I'll push myself up through the dirt and shake my petals free
I'm resigned to being born and so resigned to bravery.
~Dar Williams

Tuesday, February 16, 2010

But often, in the world's most crowded streets,

But often, in the din of strife,

There rises an unspeakable desire

After the knowledge of our buried life;

~Matthew Arnold, The Buried Life



I know this will come as a surprise to most of you (particularly given my perpetual smiling and uncomplaining nature), but this pregnancy has actually been quite uncomfortable for me. The first two months I suffered through warm-up nausea by distracting myself with mountain bike rides, epic hikes in the Tetons, wave-running, and, well... having a life.

Then I was hit with the real-deal barfs, and found myself becoming a nearly permanent blob-like tumor extending from the corner of my couch. I stopped biking and hiking and existed in a borderline-catatonic state. Seriously.

Seven months later, I decided it was time to stop being a blob. So Tim took me to New Hampshire for Valentine's day weekend.

We went snowshoeing in Franconia National Park, had dinner at the Common Man (delicious!), and stayed in a really fancy... ummm... motel (everything was booked) in Franconia. I breathed fresh air, and loved every second.

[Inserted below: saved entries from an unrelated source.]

Lemma pure_eqs_delta_system g d :
  pure_eqs b g d -> g = d^T *m b /\ delta_system b d.
Proof.
case=> norms dg gE cof; split=> //.
have gb : vnorm g = vnorm b by rewrite !vnormE -{1}gE trmx_mul trmxK -mulmxA dg.
have dd : d *m d^T = b *m b^T - (\det d)%:M.
  rewrite -{1}(addrK (\adj d)^T d) cof mulmxBl -mulmxA -trmx_mul dg.
  by rewrite -trmx_mul mul_mx_adj tr_scalar_mx.
have detE : \det d = vnorm b ^+ 2 - 1.
  move: norms; rewrite gb dd linearB /= tr_mul_trmx_vnorm mxtrace_scalar.
  by rewrite -[_ *+ 3]mulr_natl; lra.
split=> //; rewrite dd detE scalemx1 addrC -raddfN opprB; reflexivity.
Qed.

Lemma delta_system_pure_eqs d : delta_system b d -> pure_eqs b (d^T *m b) d.
Proof.
move=> sys; split; rewrite ?delta_system_fix //.
- case: (sys) => dd _; rewrite delta_system_vnorm // dd linearD /= tr_mul_trmx_vnorm.
  by rewrite scalemx1 mxtrace_scalar -[_ *+ 3]mulr_natl; lra.
have [b1 | b_ne1] := eqVneq (vnorm b) 1.
  have [dE _] := delta_system_unit_norm b1 sys.
  by rewrite -dE {2}dE adj_rank1 linear0 addr0.
have dT_unit : d^T \in unitmx by rewrite unitmx_tr unitmxE unitfE delta_system_det_neq0.
case: (sys) => dd detd; apply: (can_inj (mulmxK dT_unit)).
rewrite mulmxDl -trmx_mul mul_mx_adj tr_scalar_mx -mulmxA -trmx_mul delta_system_fix //.
rewrite dd detd scalemx1 addrAC -raddfD /= (_ : 1 - _ + _ = 0) ?raddf0 ?add0r //.
by rewrite addrC subrKA subrr.
Qed.

End DeltaSystem.

Local Open Scope complex_scope.

Lemma ord2P (i : 'I_2) : i = ord0 \/ i = ord_max.
Proof. by case: i => [[|[|//]] ?]; [left|right]; apply: val_inj. Qed.

Lemma sum2 (V : nmodType) (F : 'I_2 -> V) : \sum_(i < 2) F i = F ord0 + F ord_max.
Proof. by rewrite big_ord_recr big_ord1; congr (F _ + _); apply: val_inj. Qed.

Notation mt a k := (@mxtens_index 2 2 (a, k)).

Lemma sum4 (V : nmodType) (F : 'I_(2 * 2) -> V) :
  \sum_(r < 2 * 2) F r = \sum_(a < 2) \sum_(k < 2) F (mt a k).
Proof.
rewrite pair_big /=; apply: reindex => /=.
exists (@mxtens_unindex 2 2) => [[a k] _ | r _]; first by rewrite mxtens_indexK.
by rewrite -surjective_pairing mxtens_unindexK.
Qed.

Section Pauli.
Variable R : rcfType.
Local Notation C := R[i].
Local Notation Re := (@complex.Re R).
Local Notation Im := (@complex.Im R).

Lemma pauliE (l : 'I_3) (a a' : 'I_2) : pauli R l a a' =
  if (l : nat) == 0 then (if (a : nat) == a' then 0 else 1)
  else if (l : nat) == 1 then (if (a : nat) == a' then 0 else if (a : nat) == 0 then - Complex 0 1 else Complex 0 1)
  else (if (a : nat) == a' then (if (a : nat) == 0 then 1 else -1) else 0).
Proof. by rewrite /pauli; case: ifP => _; [|case: ifP => _]; rewrite mxE. Qed.

Lemma invn_complex (n : nat) : (n%:R^-1 : C) = (n%:R^-1 : R)%:C.
Proof. by rewrite -(rmorph_nat (real_complex R)) -fmorphV. Qed.

Lemma complex_eq_ReIm (x y : C) : x = y <-> Re x = Re y /\ Im x = Im y.
Proof. by split=> [-> // | []]; case: x; case: y => ? ? ? ? /= -> ->. Qed.

Definition pauli_expansion (s : R) (u v : 'cV[R]_3) (M : 'M[R]_3) : 'M[C]_(2 * 2) :=
  s%:C *: 1%:M
  + \sum_(i < 3) (u i 0)%:C *: (pauli R i *t 1%:M)
  + \sum_(i < 3) (v i 0)%:C *: (1%:M *t pauli R i)
  + \sum_(l < 3) \sum_(k < 3) (M l k)%:C *: (pauli R l *t pauli R k).

(* The entry in row [mt a k] = [2 a + k] and column [mt a' k'], read off the Pauli
   matrices; indices beyond [1] are junk. *)
Definition expansion_entry (s : R) (u v : 'cV[R]_3) (M : 'M[R]_3) (a k a' k' : nat) : C :=
  match a, k, a', k' with
  | 0, 0, 0, 0 => Complex (s + u j2 0 + v j2 0 + M j2 j2) 0
  | 0, 0, 0, 1 => Complex (v j0 0 + M j2 j0) (- v j1 0 - M j2 j1)
  | 0, 0, 1, 0 => Complex (u j0 0 + M j0 j2) (- u j1 0 - M j1 j2)
  | 0, 0, 1, 1 => Complex (M j0 j0 - M j1 j1) (- M j0 j1 - M j1 j0)
  | 0, 1, 0, 0 => Complex (v j0 0 + M j2 j0) (v j1 0 + M j2 j1)
  | 0, 1, 0, 1 => Complex (s + u j2 0 - v j2 0 - M j2 j2) 0
  | 0, 1, 1, 0 => Complex (M j0 j0 + M j1 j1) (M j0 j1 - M j1 j0)
  | 0, 1, 1, 1 => Complex (u j0 0 - M j0 j2) (- u j1 0 + M j1 j2)
  | 1, 0, 0, 0 => Complex (u j0 0 + M j0 j2) (u j1 0 + M j1 j2)
  | 1, 0, 0, 1 => Complex (M j0 j0 + M j1 j1) (- M j0 j1 + M j1 j0)
  | 1, 0, 1, 0 => Complex (s - u j2 0 + v j2 0 - M j2 j2) 0
  | 1, 0, 1, 1 => Complex (v j0 0 - M j2 j0) (- v j1 0 + M j2 j1)
  | 1, 1, 0, 0 => Complex (M j0 j0 - M j1 j1) (M j0 j1 + M j1 j0)
  | 1, 1, 0, 1 => Complex (u j0 0 - M j0 j2) (u j1 0 - M j1 j2)
  | 1, 1, 1, 0 => Complex (v j0 0 - M j2 j0) (v j1 0 - M j2 j1)
  | 1, 1, 1, 1 => Complex (s - u j2 0 - v j2 0 + M j2 j2) 0
  | _, _, _, _ => 0
  end.

Lemma pauli_expansionE s u v M (a k a' k' : 'I_2) :
  pauli_expansion s u v M (mt a k) (mt a' k') = expansion_entry s u v M a k a' k'.
Proof.
have -> : pauli_expansion s u v M (mt a k) (mt a' k') =
    s%:C * ((a == a') && (k == k'))%:R
    + \sum_(i < 3) (u i 0)%:C * (pauli R i a a' * (k == k')%:R)
    + \sum_(i < 3) (v i 0)%:C * ((a == a')%:R * pauli R i k k')
    + \sum_(l < 3) \sum_(m < 3) (M l m)%:C * (pauli R l a a' * pauli R m k k').
  rewrite !mxE !summxE (inj_eq (can_inj (@mxtens_indexK 2 2))) xpair_eqE.
  congr (_ + _ + _ + _); apply: eq_bigr => l _; rewrite ?summxE.
  - by rewrite mxE tensmxE mxE.
  - by rewrite mxE tensmxE mxE.
  - by apply: eq_bigr => m _; rewrite mxE tensmxE.
rewrite !sum3 !pauliE.
by case: (ord2P a) => ->; case: (ord2P k) => ->; case: (ord2P a') => ->; case: (ord2P k') => ->;
  apply complex_eq_ReIm; rewrite /=; split; ring.
Qed.

Lemma pauli_expansion_sqr (b g : 'cV[R]_3) (d : 'M[R]_3) :
  let E := pauli_expansion 1 b g d in
  E *m E = pauli_expansion (1 + vnorm b ^+ 2 + vnorm g ^+ 2 + \tr (d *m d^T))
             (2 *: (b + d *m g)) (2 *: (g + d^T *m b)) (2 *: (d + b *m g^T - (\adj d)^T)).
Proof.
apply/matrixP => r c; case: (mxtens_indexP r) => a k; case: (mxtens_indexP c) => a' k'.
rewrite mxE sum4 !sum2 !pauli_expansionE !vnorm_sqr.
case: (ord2P a) => ->; case: (ord2P k) => ->; case: (ord2P a') => ->; case: (ord2P k') => ->;
  apply complex_eq_ReIm; rewrite /= /mxtrace !mxE !cofactor3E !succ3E ?sum1 ?sum3 ?mxE ?sum3 ?mxE; split; ring.
Qed.

Implicit Types (P : 'M[C]_(2 * 2)) (X Y : 'M[C]_2).

Definition pauli_coord P X Y : R := Re (\tr (P *m (X *t Y))).

Lemma pauli_coordE P X Y : pauli_coord P X Y =
  Re (\sum_(a < 2) \sum_(k < 2) \sum_(a' < 2) \sum_(k' < 2) P (mt a k) (mt a' k') * (X a' a * Y k' k)).
Proof.
rewrite /pauli_coord /mxtrace sum4; congr Re; apply: eq_bigr => a _; apply: eq_bigr => k _.
by rewrite mxE sum4; apply: eq_bigr => a' _; apply: eq_bigr => k' _; rewrite tensmxE.
Qed.

Lemma pauli_coord_expansion s u v M :
  let E := pauli_expansion s u v M in
  [/\ pauli_coord E 1%:M 1%:M = 4 * s,
     forall i, pauli_coord E (pauli R i) 1%:M = 4 * u i 0,
     forall i, pauli_coord E 1%:M (pauli R i) = 4 * v i 0
   & forall l k, pauli_coord E (pauli R l) (pauli R k) = 4 * M l k].
Proof.
split=> [|i|i|l k];
  [| case: (ord3P i) => -> | case: (ord3P i) => -> | case: (ord3P l) => ->; case: (ord3P k) => ->];
  by rewrite pauli_coordE !sum2 !pauli_expansionE ?pauliE ?mxE /=; ring.
Qed.

Lemma pauli_expansion_inj s u v M s' u' v' M' :
  pauli_expansion s u v M = pauli_expansion s' u' v' M' -> [/\ s = s', u = u', v = v' & M = M'].
Proof.
move=> eqE; have [s1 u1 v1 M1] := pauli_coord_expansion s u v M.
have [s2 u2 v2 M2] := pauli_coord_expansion s' u' v' M'; rewrite -eqE in s2 u2 v2 M2.
have mul4I : injective ( *%R 4 : R -> R) by apply: mulfI; rewrite pnatr_eq0.
split; first by apply: mul4I; rewrite -s1 -s2.
- by apply/matrixP => i j; rewrite ord1; apply: mul4I; rewrite -u1 -u2.
- by apply/matrixP => i j; rewrite ord1; apply: mul4I; rewrite -v1 -v2.
- by apply/matrixP => l k; apply: mul4I; rewrite -M1 -M2.
Qed.

Lemma pauli_expansion_scale (c s : R) u v M :
  c%:C *: pauli_expansion s u v M = pauli_expansion (c * s) (c *: u) (c *: v) (c *: M).
Proof.
apply/matrixP => r c'; case: (mxtens_indexP r) => a k; case: (mxtens_indexP c') => a' k'.
rewrite mxE !pauli_expansionE.
by case: (ord2P a) => ->; case: (ord2P k) => ->; case: (ord2P a') => ->; case: (ord2P k') => ->;
  apply complex_eq_ReIm; rewrite /= !mxE; split; ring.
Qed.

Lemma Pform_expansion (b g : 'cV[R]_3) (d : 'M[R]_3) :
  Pform b g d = (4^-1 : R)%:C *: pauli_expansion 1 b g d.
Proof. by rewrite /Pform /pauli_expansion rmorph1 scale1r invn_complex. Qed.

Lemma PformE (b g : 'cV[R]_3) (d : 'M[R]_3) (a k a' k' : 'I_2) :
  Pform b g d (mt a k) (mt a' k') = (4^-1 : R)%:C * expansion_entry 1 b g d a k a' k'.
Proof. by rewrite Pform_expansion mxE pauli_expansionE. Qed.

Lemma Pform_sqr (b g : 'cV[R]_3) (d : 'M[R]_3) :
  Pform b g d *m Pform b g d = (4^-1 : R)%:C *: pauli_expansion
    (4^-1 * (1 + vnorm b ^+ 2 + vnorm g ^+ 2 + \tr (d *m d^T)))
    (2^-1 *: (b + d *m g)) (2^-1 *: (g + d^T *m b)) (2^-1 *: (d + b *m g^T - (\adj d)^T)).
Proof.
have half : (4^-1 * 2 : R) = 2^-1 by field.
rewrite Pform_expansion -scalemxAl -scalemxAr pauli_expansion_sqr.
by rewrite [in LHS]pauli_expansion_scale !scalerA half.
Qed.

Lemma Pform_idem_pure_eqs (b g : 'cV[R]_3) (d : 'M[R]_3) :
  Pform b g d *m Pform b g d = Pform b g d <-> pure_eqs b g d.
Proof.
have c_nz : (4^-1 : R)%:C != 0 by rewrite eq_complex /= negb_and invr_eq0 pnatr_eq0.
rewrite Pform_sqr [in RHS]Pform_expansion -!addrA.
split=> [/(scalerI c_nz)/pauli_expansion_inj [norms dg gE cof] |].
  split; [lra | exact/scale_half_addr_eq | exact/scale_half_addr_eq |].
  by move/scale_half_addr_eq/eqP: cof; rewrite subr_eq => /eqP ->.
case=> norms dg gE cof; rewrite (_ : 4^-1 * _ = 1); last by lra.
rewrite (scale_half_addr_eq _ _).2 // (scale_half_addr_eq _ _).2 //.
by rewrite (scale_half_addr_eq _ _).2 // -cof addrK.
Qed.

Lemma Pform_inj (b g g' : 'cV[R]_3) (d d' : 'M[R]_3) :
  Pform b g d = Pform b g' d' -> g = g' /\ d = d'.
Proof.
have c_nz : (4^-1 : R)%:C != 0 by rewrite eq_complex /= negb_and invr_eq0 pnatr_eq0.
by rewrite !Pform_expansion => /(scalerI c_nz)/pauli_expansion_inj[].
Qed.

Lemma adjmxE m n (A : 'M[C]_(m, n)) i j : adjmx A i j = (A j i)^*.
Proof. by rewrite !mxE. Qed.

Lemma ptrace2E (P : 'M[C]_(2 * 2)) a a' : ptrace2 P a a' = \sum_(k < 2) P (mt a k) (mt a' k).
Proof. by rewrite mxE. Qed.

Lemma adjmx_Pform (b g : 'cV[R]_3) (d : 'M[R]_3) : adjmx (Pform b g d) = Pform b g d.
Proof.
apply/matrixP => r c; case: (mxtens_indexP r) => a k; case: (mxtens_indexP c) => a' k'.
rewrite adjmxE !PformE.
by case: (ord2P a) => ->; case: (ord2P k) => ->; case: (ord2P a') => ->; case: (ord2P k') => ->;
  apply complex_eq_ReIm; rewrite /=; split; ring.
Qed.

Lemma mxtrace_Pform (b g : 'cV[R]_3) (d : 'M[R]_3) : \tr (Pform b g d) = 1.
Proof.
rewrite /mxtrace sum4 !sum2 !PformE; apply complex_eq_ReIm; rewrite /=; split; lra.
Qed.

Lemma ptrace2_Pform (b g : 'cV[R]_3) (d : 'M[R]_3) : ptrace2 (Pform b g d) = rho_of b.
Proof.
apply/matrixP => a a'; rewrite ptrace2E sum2 !PformE /rho_of !mxE summxE sum3 !mxE invn_complex.
by case: (ord2P a) => ->; case: (ord2P a') => ->; rewrite ?mulr1n ?mulr0n; apply complex_eq_ReIm; rewrite /=; split; lra.
Qed.

Lemma adjmxM m n p (A : 'M[C]_(m, n)) (B : 'M[C]_(n, p)) :
  adjmx (A *m B) = adjmx B *m adjmx A.
Proof. by rewrite /adjmx map_mxM trmx_mul. Qed.

Lemma psd_herm_idem n (A : 'M[C]_n) : A = adjmx A -> A *m A = A -> psd A.
Proof.
move=> herm idem; split=> // v.
have -> : adjmx v *m A *m v = adjmx (A *m v) *m (A *m v).
  by rewrite adjmxM -herm -{1}idem !mulmxA.
by rewrite mxE sumr_ge0 // => i _; rewrite adjmxE mulrC mulcJ_ge0.
Qed.
Definition index_piece (i : raw_index) : piece :=
  match i with inl (j, _) => Group j | inr (b, b', _) => Bipartite b b' end.

Definition index_cycle (i : raw_index) : nat :=
  match i with inl (_, t) => t | inr (_, _, t) => t end.

Definition index_ok (i : raw_index) : bool :=
  piece_ok k (index_piece i) && (index_cycle i < size (piece_design (index_piece i) false)).

Definition global_vertex (s : bool) (i : raw_index) (x : nat) : nat :=
  embed (index_piece i) (nth 0 (nth [::] (piece_design (index_piece i) s) (index_cycle i)) x).

Lemma index_inj i j : index_piece i = index_piece j -> index_cycle i = index_cycle j -> i = j.
Proof.
case: i j => [[j1 t1]|[[b1 b1'] t1]] [[j2 t2]|[[b2 b2'] t2]] //= [].
  by move=> /val_inj-> /val_inj->.
by move=> /val_inj-> /val_inj-> /val_inj->.
Qed.

Lemma piece_index p t : piece_ok k p -> t < size (piece_design p false) ->
  exists i, [/\ index_ok i, index_piece i = p & index_cycle i = t].
Proof.
case: p => [j|b b'] ok_p lt_t.
  have lt_t17 : t < 17 by case: j {ok_p} lt_t => [|[|j]] /= /leq_trans->.
  by exists (inl (Ordinal (ok_p : j < k.+1), Ordinal lt_t17)); split=> //; apply/andP.
case/and3P: (ok_p) => lt_bb' lt_b' _.
exists (inr (Ordinal (ltn_trans lt_bb' lt_b'), Ordinal lt_b', Ordinal (lt_t : t < 2))).
by split=> //; apply/andP.
Qed.

Section ValidIndex.

Variables (s : bool) (i : raw_index).
Hypothesis ok_i : index_ok i.

Let p := index_piece i.
Let c := nth [::] (piece_design p s) (index_cycle i).

Let ok_p : piece_ok k p. Proof. by case/andP: ok_i. Qed.
Let lt_t : index_cycle i < size (piece_design p false). Proof. by case/andP: ok_i. Qed.

Let c_on : [/\ size c = 8, uniq c & forall x, x < 8 -> nth 0 c x < piece_order p].
Proof. exact: piece_cycle_on. Qed.

Lemma global_vertex_lt x : x < 8 -> global_vertex s i x < n.
Proof. by case: c_on => _ _ lt_c /lt_c; apply: embed_lt ok_p. Qed.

Tim had a problem taking photos of me, because my automatic camera kept focusing the little box on my belly. Not funny.

We visited the Basin, which was just as cool frozen (above) as it is in the summer (below).

We also visited the Flume, where lunatics were climbing up walls of ice:

Wednesday, February 10, 2010

A true story.

The other day I was at a beach, and the sea looked absolutely beautiful and shimmering and warm, so of course I took off my clothes and headed for the water.

On my way there, I noticed a duck-billed platypus heading toward me at super-platypus speed. I thought it was cute at first, but then it totally attacked me, and started biting my arm to shreds. I tried to shake it off, but it was a persistent little bugger. I was starting to fear that I would lose a limb, so I knew the only way to fight it was to kick with all my might.

I woke up to my very bewildered husband shouting, "OUCH! Stop kicking me!" Apparently I haven't mastered the art of sharing my bed with another human and need to work on my manners a bit.